━━━ Input data ━━━

Lemma nbhs_int_boxP (x : nat -> int) (U : set ZN) : nbhs (x : ZN) U ->
  exists k, int_box x k `<=` U.
Proof.
pose G := [set U : set ZN | exists k, int_box x k `<=` U].
have FG : Filter G.
  constructor; first by exists 0%N.
    move=> A B [k1 A1] [k2 B2]; exists (maxn k1 k2) => y yx; split.
      by apply: A1 => i ik; apply: yx; apply: leq_trans ik (leq_maxl _ _).
    by apply: B2 => i ik; apply: yx; apply: leq_trans ik (leq_maxr _ _).
  by move=> A B AB [k A1]; exists k => y /A1 /AB.
have Gx : {ptws, G --> (x : nat -> discrete_topology int)}.
  apply/(@pointwise_cvgP nat (discrete_topology int) _ x FG) => t A At.
  by exists t.+1 => y yx; rewrite /= yx //; apply: nbhs_singleton At.
by move=> /Gx.
Qed.

End PointwiseBoxes.

Section AdditiveSubgroup.
Variable G : zmodType.
Implicit Types H B : set G.

Lemma add_subgroupD H x y : is_add_subgroup H -> H x -> H y -> H (x + y).
Proof.
by move=> [H0 HB] Hx Hy; have := HB _ _ Hx (HB _ _ H0 Hy); rewrite sub0r opprK.
Qed.

Lemma add_subgroupMz H x (m : int) : is_add_subgroup H -> H x -> H (x *~ m).
Proof.
move=> Hs Hx; have [H0 HB] := Hs.
have Hn n : H (x *+ n).
  by elim: n => [|n IH]; rewrite ?mulr0n // mulrS; apply: add_subgroupD.
case: m => n; first exact: Hn.
by rewrite NegzE mulrNz; have := HB _ _ H0 (Hn n.+1); rewrite sub0r.
Qed.

Lemma gen_add_subgroupP B : is_add_subgroup (gen_add_subgroup B).
Proof.
split; first by move=> H [[]].
by move=> x y Bx By H HB; have [[_ HBH] _] := HB; exact: HBH (Bx H HB) (By H HB).
Qed.

Lemma sub_gen_add_subgroup B : B `<=` gen_add_subgroup B.
Proof. by move=> x Bx H [_ BH]; apply: BH. Qed.

End AdditiveSubgroup.

Section SmallSpan.
Variables (R : realType) (E : topologicalLmodType R).

Lemma add_subgroup_lincomb_int (H : set E) (m : nat -> int) b N :
  is_add_subgroup H -> (forall i, (i < N)%N -> H (b i)) ->
  H (lincomb (fun i => (m i)%:~R) b N).
Proof.
move=> Hs; elim: N => [|N IH] Hb; first by rewrite /lincomb big_ord0; case: Hs.
rewrite /lincomb big_ord_recr /= scaler_int; apply: add_subgroupD => //.
  by apply: IH => i iN; apply/Hb/ltnW.
by apply: add_subgroupMz => //; apply: Hb.
Qed.

Lemma nbhs0_lincomb_small_coef (a : nat -> E) k U : nbhs (0 : E) U ->
  exists2 d : R, 0 < d & forall N c, (forall i, (i < k)%N -> `|c i| < d) ->
    (forall i, (k <= i)%N -> c i = 0) -> U (lincomb c a N).
Proof.
elim: k U => [|k IH] U U0.
  exists 1 => // N c _ c0; rewrite lincomb0 => [|i _]; last exact: c0.
  exact: nbhs_singleton U0.
have [V [V0 VU]] := nbhs0_add_split U0.
have [d1 d10 d1V] := IH V V0.
have [d2 d20 d2V] := nbhs0_scale_small (a k) V0.
exists (Num.min d1 d2) => [|N c cd ck]; first by rewrite lt_min d10.
have [cd2 cd1] : `|c k| < d2 /\ forall i, (i < k)%N -> `|c i| < d1.
  split; last by move=> i ik; have := cd i (ltnW ik); rewrite lt_min => /andP [].
  by have := cd k (ltnSn k); rewrite lt_min => /andP [].
rewrite (lincomb_split k); apply: VU.
  by apply: d1V => i ik; [rewrite ik; apply: cd1|rewrite ltnNge ik].
have [kN|Nk] := ltnP k N; last first.
  rewrite lincomb0 => [|i iN]; last by rewrite (leq_trans iN Nk).
  by rewrite -(scale0r (a k)); apply: d2V; rewrite normr0.
rewrite (@lincomb_stable _ _ _ _ k.+1) //; last first.
  by move=> i ki; rewrite ltnNge (ltnW ki) /= ck.
rewrite /lincomb big_ord_recr /= ltnn big1 ?add0r; first exact: d2V cd2.
by move=> i _; rewrite ltn_ord scale0r.
Qed.

(* Scaling by [1/M] maps the integer span of [A `\` F], which lies in a
   balanced set, onto the combinations with coefficients in [Z/M]; the
   remaining coefficients are smaller than [1/M]. *)
Lemma acs_span_small (A : set E) : abs_cauchy_summable A ->
  forall U, nbhs (0 : E) U -> exists F, [/\ finite_set F, F `<=` A &
    forall N c b, (forall i, (i < N)%N -> (A `\` F) (b i)) -> U (lincomb c b N)].
Proof.
move=> acs U U0; have [V [V0 VU]] := nbhs0_add_split U0.
have [F [Ff FA FV]] := acs _ (nbhs0_balanced_core V0).
exists F; split => // N c b Fb.
have [d d0 dV] := nbhs0_lincomb_small_coef b N V0.
pose M := (Num.truncn d^-1).+1.
have M0 : (0 : R) < M%:R by rewrite ltr0n.
have Md : M%:R^-1 < d.
  by rewrite -[d]invrK ltf_pV2 ?posrE ?invr_gt0 // truncnS_gt.
pose m i := Num.floor (M%:R * c i).
pose r i := if (i < N)%N then c i - M%:R^-1 * (m i)%:~R else 0.
have -> : lincomb c b N = M%:R^-1 *: lincomb (fun i => (m i)%:~R) b N + lincomb r b N.
  rewrite -lincombZ -lincombD; apply: eq_lincomb => i iN.
  by rewrite /r iN addrC subrK.
apply: VU.
  apply: balanced_core_sub; apply: balanced_coreP; last first.
    by rewrite normfV ger0_norm ?ler0n // invf_le1 // ler1n.
  apply: FV; apply: add_subgroup_lincomb_int; first exact: gen_add_subgroupP.
  by move=> i iN; apply: sub_gen_add_subgroup; apply: Fb.
apply: dV => i iN; last by rewrite /r ltnNge iN.
rewrite /r iN.
have fl := floor_le (M%:R * c i); have fg := floorD1_gt (M%:R * c i).
rewrite -/(m i) intrD in fl fg.
have -> : c i - M%:R^-1 * (m i)%:~R = M%:R^-1 * (M%:R * c i - (m i)%:~R).
  by rewrite mulrBr mulrA mulVf ?mul1r // gt_eqF.
rewrite normrM ger0_norm ?invr_ge0 ?ler0n // ger0_norm ?subr_ge0 //.
apply: le_lt_trans Md; rewrite ler_piMr ?invr_ge0 ?ler0n //; lra.
Qed.

End SmallSpan.

Section IsolatedSequence.
Variables (R : realType) (E : topologicalLmodType R).

Definition tail_small (a : nat -> E) := forall U, nbhs (0 : E) U ->
  exists k, forall N c, (forall i, (i < k)%N -> c i = 0) -> U (lincomb c a N).

Definition isolated_by (a : nat -> E) (W : nat -> set E) := forall j,
  [/\ nbhs (0 : E) (W j), balanced (W j),
      (forall x y, W j x -> W j y -> a j != x + y) &
      forall N c, (forall i, (i <= j)%N -> c i = 0) -> W j (lincomb c a N)].

End IsolatedSequence.

Section PointSelection.
Variables (R : realType) (E : topologicalLmodType R).
Hypothesis hE : hausdorff_space E.
Variable A : set E.
Hypotheses (infA : infinite_set A) (acsA : abs_cauchy_summable A).

Definition fresh_step (B : set E) (t : E * set E * set E) :=
  let: (a, W, F) := t in
  [/\ A a /\ ~ B a, nbhs (0 : E) W /\ balanced W,
      (forall x y, W x -> W y -> a != x + y),
      finite_set F /\ F `<=` A &
      forall N c b, (forall i, (i < N)%N -> (A `\` F) (b i)) -> W (lincomb c b N)].

Lemma fresh_step_exists B : finite_set B -> exists t, fresh_step B t.
Proof.
move=> fB; have : infinite_set (A `\` (B `|` [set 0])).
  by apply: infinite_setD => //; rewrite finite_setU; split => //; apply: finite_set1.
move=> /infinite_setN0 [a [Aa /not_orP [Ba /eqP a0]]].
have [U [U0 Ua]] := hausdorff_nbhs0_notin hE a0.
have [V [V0 VU]] := nbhs0_add_split U0.
have [F [Ff FA FV]] := acs_span_small acsA (nbhs0_balanced_core V0).
exists (a, balanced_core V, F); split => //.
- by split; [exact: nbhs0_balanced_core|exact: balanced_coreP].
- move=> x y Vx Vy; apply/eqP => ax; apply: Ua; rewrite ax.
  by apply: VU; apply: balanced_core_sub.
Qed.

Lemma fresh_step_total B : exists t, finite_set B -> fresh_step B t.
Proof.
have [fB|nfB] := pselect (finite_set B); last by exists (0, setT, set0).
by have [t Bt] := fresh_step_exists fB; exists t.
Qed.

Definition next_step B := projT1 (cid (fresh_step_total B)).

Lemma next_stepP B : finite_set B -> fresh_step B (next_step B).
Proof. by rewrite /next_step; case: cid. Qed.

(* Later points avoid the earlier points and the earlier sets [F], so each
   [W_n] absorbs every combination of later points. *)
Fixpoint used n : set E :=
  if n is m.+1 then used m `|` (next_step (used m)).2 `|` [set (next_step (used m)).1.1]
  else set0.

Definition point n := (next_step (used n)).1.1.
Definition isol n := (next_step (used n)).1.2.
Definition excluded n := (next_step (used n)).2.

Lemma used_finite n : finite_set (used n).
Proof.
elim: n => [|n IH] /=; first exact: finite_set0.
have := next_stepP IH; case: (next_step (used n)) => [[a W] F] /= [_ _ _ [Ff _] _].
by rewrite !finite_setU; split; [split|] => //; apply: finite_set1.
Qed.

Lemma pointP n : fresh_step (used n) (point n, isol n, excluded n).
Proof.
rewrite /point /isol /excluded; have := next_stepP (used_finite n).
by case: (next_step (used n)) => [[a W] F].
Qed.

Lemma used_mono n m : (n <= m)%N -> used n `<=` used m.
Proof.
elim: m => [|m IH]; first by rewrite leqn0 => /eqP ->.
rewrite leq_eqVlt => /orP [/eqP -> //|]; rewrite ltnS => nm x /(IH nm) ?.
by left; left.
Qed.

Lemma used_later n m : (n < m)%N -> used m (point n) /\ excluded n `<=` used m.
Proof.
move=> /used_mono nm; split; first by apply: nm; right.
by move=> x Fx; apply: nm; left; right.
Qed.

Lemma point_fresh n : ~ used n (point n).
Proof. by have [[_ ?] _ _ _ _] := pointP n. Qed.

Lemma pointA n : A (point n).
Proof. by have [[? _] _ _ _ _] := pointP n. Qed.

Lemma point_inj : injective point.
Proof.
have lt_neq n m : (n < m)%N -> point n != point m.
  by move=> /used_later [nm _]; apply/eqP => e; apply: (@point_fresh m); rewrite -e.
by move=> n m e; case: (ltngtP n m) => [/lt_neq|/lt_neq|//]; rewrite e eqxx.
Qed.

Lemma point_tail_small : tail_small point.
Proof.
move=> U U0; have [F [Ff FA FU]] := acs_span_small acsA U0.
have [s Fs] := (finite_seqP F).1 Ff.
have [k ks] := injective_eventually_notin point_inj s.
exists k => N c ck; rewrite (lincomb_shift_index _ _ ck); apply: FU => i _.
by split; [exact: pointA|rewrite Fs /=; apply/negP/ks/leq_maxr].
Qed.

Lemma point_isolated : isolated_by point isol.
Proof.
move=> j; have [_ [W0 Wb] Wa _ FW] := pointP j; split => // N c cj.
have cj' i : (i < j.+1)%N -> c i = 0 by rewrite ltnS; apply: cj.
rewrite (lincomb_shift_index _ _ cj'); apply: FW => i _; split; first exact: pointA.
by move=> /(used_later (leq_maxr i j.+1)).2; apply: point_fresh.
Qed.

End PointSelection.

Lemma acs_isolated_sequence (R : realType) (E : topologicalLmodType R) (A : set E) :
  hausdorff_space E -> infinite_set A -> abs_cauchy_summable A ->
  exists (a : nat -> E) (W : nat -> set E), tail_small a /\ isolated_by a W.
Proof.
move=> hE infA acsA.
by exists (point hE infA acsA), (isol hE infA acsA); split;
  [exact: point_tail_small|exact: point_isolated].
Qed.

Section Expansion.
Variables (R : realType) (E : topologicalLmodType R).
Variables (a : nat -> E) (W : nat -> set E).
Hypotheses (a_tail : tail_small a) (aW : isolated_by a W).

Definition expansion (t : nat -> R) (e : E) := forall V, nbhs (0 : E) V ->
  forall k, exists M, (k <= M)%N /\ V (e - lincomb t a M).

Lemma expansionZ (c : R) t e : expansion t e -> expansion (fun i => c * t i) (c *: e).
Proof.
move=> te V V0 k; have [M [kM eM]] := te _ (nbhs0_scale c V0) k.
by exists M; split => //; rewrite lincombZ -scalerBr.
Qed.

Lemma expansion_small U : nbhs (0 : E) U -> exists k (d : R), 0 < d /\
  forall t e, expansion t e -> (forall i, (i < k)%N -> `|t i| < d) -> U e.
Proof.
move=> U0; have [V1 [V10 V1U]] := nbhs0_add_split U0.
have [V2 [V20 V2V1]] := nbhs0_add_split V10.
have [k ak] := a_tail V20.
have [d d0 dV2] := nbhs0_lincomb_small_coef a k V20.
exists k, d; split => // t e te td.
have [M [kM eM]] := te _ V10 k.
rewrite -(subrK (lincomb t a M) e); apply: V1U => //.
rewrite (lincomb_split k); apply: V2V1; last by apply: ak => i ->.
by apply: dV2 => i ik; [rewrite ik; apply: td|rewrite ltnNge ik].
Qed.

Definition coef_bound (V : set E) k (eps : R) := forall t e, expansion t e -> V e ->
  forall i, (i < k)%N -> `|t i| < eps.

(* If [|t_j| >= 1] then, writing the partial sum as [h + t_j a_j + s] with
   [h] small and [s] in [W_j], the point [a_j] would lie in [W_j + W_j]. *)
Lemma coef_bound_step j :
  (forall eps, 0 < eps -> exists2 V, nbhs (0 : E) V & coef_bound V j eps) ->
  exists2 V, nbhs (0 : E) V & forall t e, expansion t e -> V e -> `|t j| < 1.
Proof.
move=> IH; have [W0 Wb Wa Wt] := aW j.
have [N1 [N10 N1W]] := nbhs0_add_split W0.
have [N2 [N20 N2N1]] := nbhs0_add_split N10.
pose N := balanced_core (N1 `&` N2).
have N0 : nbhs (0 : E) N by apply/nbhs0_balanced_core/filterI.
have NW x y z : N x -> N y -> N z -> W j (x + y + z).
  move=> /balanced_core_sub [_ Nx] /balanced_core_sub [_ Ny] /balanced_core_sub [Nz _].
  by apply: N1W => //; apply: N2N1.
have [eta eta0 etaN] := nbhs0_lincomb_small_coef a j N0.
have [V0 V00 V0eta] := IH eta eta0.
exists (V0 `&` N); first exact: filterI.
move=> t e te [V0e Ne]; rewrite ltNge; apply/negP => tj1.
have tj0 : t j != 0 by apply: contraTneq tj1 => ->; rewrite normr0 ler10.
have [M [jM eM]] := te _ N0 j.+1.
pose h := lincomb (fun i => if (i < j)%N then t i else 0) a M.
pose s := lincomb (fun i => if (i <= j)%N then 0 else t i) a M.
have Nh : N h.
  by apply: etaN => i ij; [rewrite ij; exact: V0eta te V0e i ij|rewrite ltnNge ij].
have Ws : W j s by apply: Wt => i ->.
have sum_split : lincomb t a M = h + t j *: a j + s.
  rewrite -(lincomb_delta (t j) a jM) -!lincombD; apply: eq_lincomb => i _.
  by case: (ltngtP i j) => [||->]; rewrite ?addr0 ?add0r.
have Wjs : W j (t j *: a j + s).
  have -> : t j *: a j + s = e + - (e - lincomb t a M) + - h.
    by rewrite opprB [e + _]addrC subrK sum_split -[h + _ + s]addrA [_ - h]addrC addKr.
  by apply: NW => //; apply: balanced_coreN.
have tjV : `|(t j)^-1| <= 1 by rewrite normfV invf_le1 // normr_gt0.
have tjNV : `|- (t j)^-1| <= 1 by rewrite normrN.
have := Wa _ _ (Wb _ _ Wjs tjV) (Wb _ _ Ws tjNV).
by rewrite scalerDr scalerA mulVf // scale1r scaleNr addrK eqxx.
Qed.

Lemma nbhs0_coef_bound k (eps : R) : 0 < eps ->
  exists2 V, nbhs (0 : E) V & coef_bound V k eps.
Proof.
elim: k eps => [|j IH] eps eps0; first by exists setT => //; exact: filterT.
have [V1 V10 V1j] := coef_bound_step IH.
have [V2 V20 V2eps] := IH eps eps0.
exists (V2 `&` [set x | V1 (eps^-1 *: x)]); first exact/filterI/nbhs0_scale.
move=> t e te [V2e V1e] i; rewrite ltnS leq_eqVlt => /orP [/eqP ->|ij].
  have := V1j _ _ (expansionZ eps^-1 te) V1e.
  by rewrite normrM normfV (gtr0_norm eps0) ltr_pdivrMl // mulr1.
exact: V2eps te V2e i ij.
Qed.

━━━

Copy exactly the lines that run from the first line of the data to the line containing "case: m => n; first exact: Hn.", please, with both ends included and nothing else.

● **Exercise response**
Lemma nbhs_int_boxP (x : nat -> int) (U : set ZN) : nbhs (x : ZN) U ->
  exists k, int_box x k `<=` U.
Proof.
pose G := [set U : set ZN | exists k, int_box x k `<=` U].
have FG : Filter G.
  constructor; first by exists 0%N.
    move=> A B [k1 A1] [k2 B2]; exists (maxn k1 k2) => y yx; split.
      by apply: A1 => i ik; apply: yx; apply: leq_trans ik (leq_maxl _ _).
    by apply: B2 => i ik; apply: yx; apply: leq_trans ik (leq_maxr _ _).
  by move=> A B AB [k A1]; exists k => y /A1 /AB.
have Gx : {ptws, G --> (x : nat -> discrete_topology int)}.
  apply/(@pointwise_cvgP nat (discrete_topology int) _ x FG) => t A At.
  by exists t.+1 => y yx; rewrite /= yx //; apply: nbhs_singleton At.
by move=> /Gx.
Qed.

End PointwiseBoxes.

Section AdditiveSubgroup.
Variable G : zmodType.
Implicit Types H B : set G.

Lemma add_subgroupD H x y : is_add_subgroup H -> H x -> H y -> H (x + y).
Proof.
by move=> [H0 HB] Hx Hy; have := HB _ _ Hx (HB _ _ H0 Hy); rewrite sub0r opprK.
Qed.

Lemma add_subgroupMz H x (m : int) : is_add_subgroup H -> H x -> H (x *~ m).
Proof.
move=> Hs Hx; have [H0 HB] := Hs.
have Hn n : H (x *+ n).
  by elim: n => [|n IH]; rewrite ?mulr0n // mulrS; apply: add_subgroupD.
case: m => n; first exact: Hn.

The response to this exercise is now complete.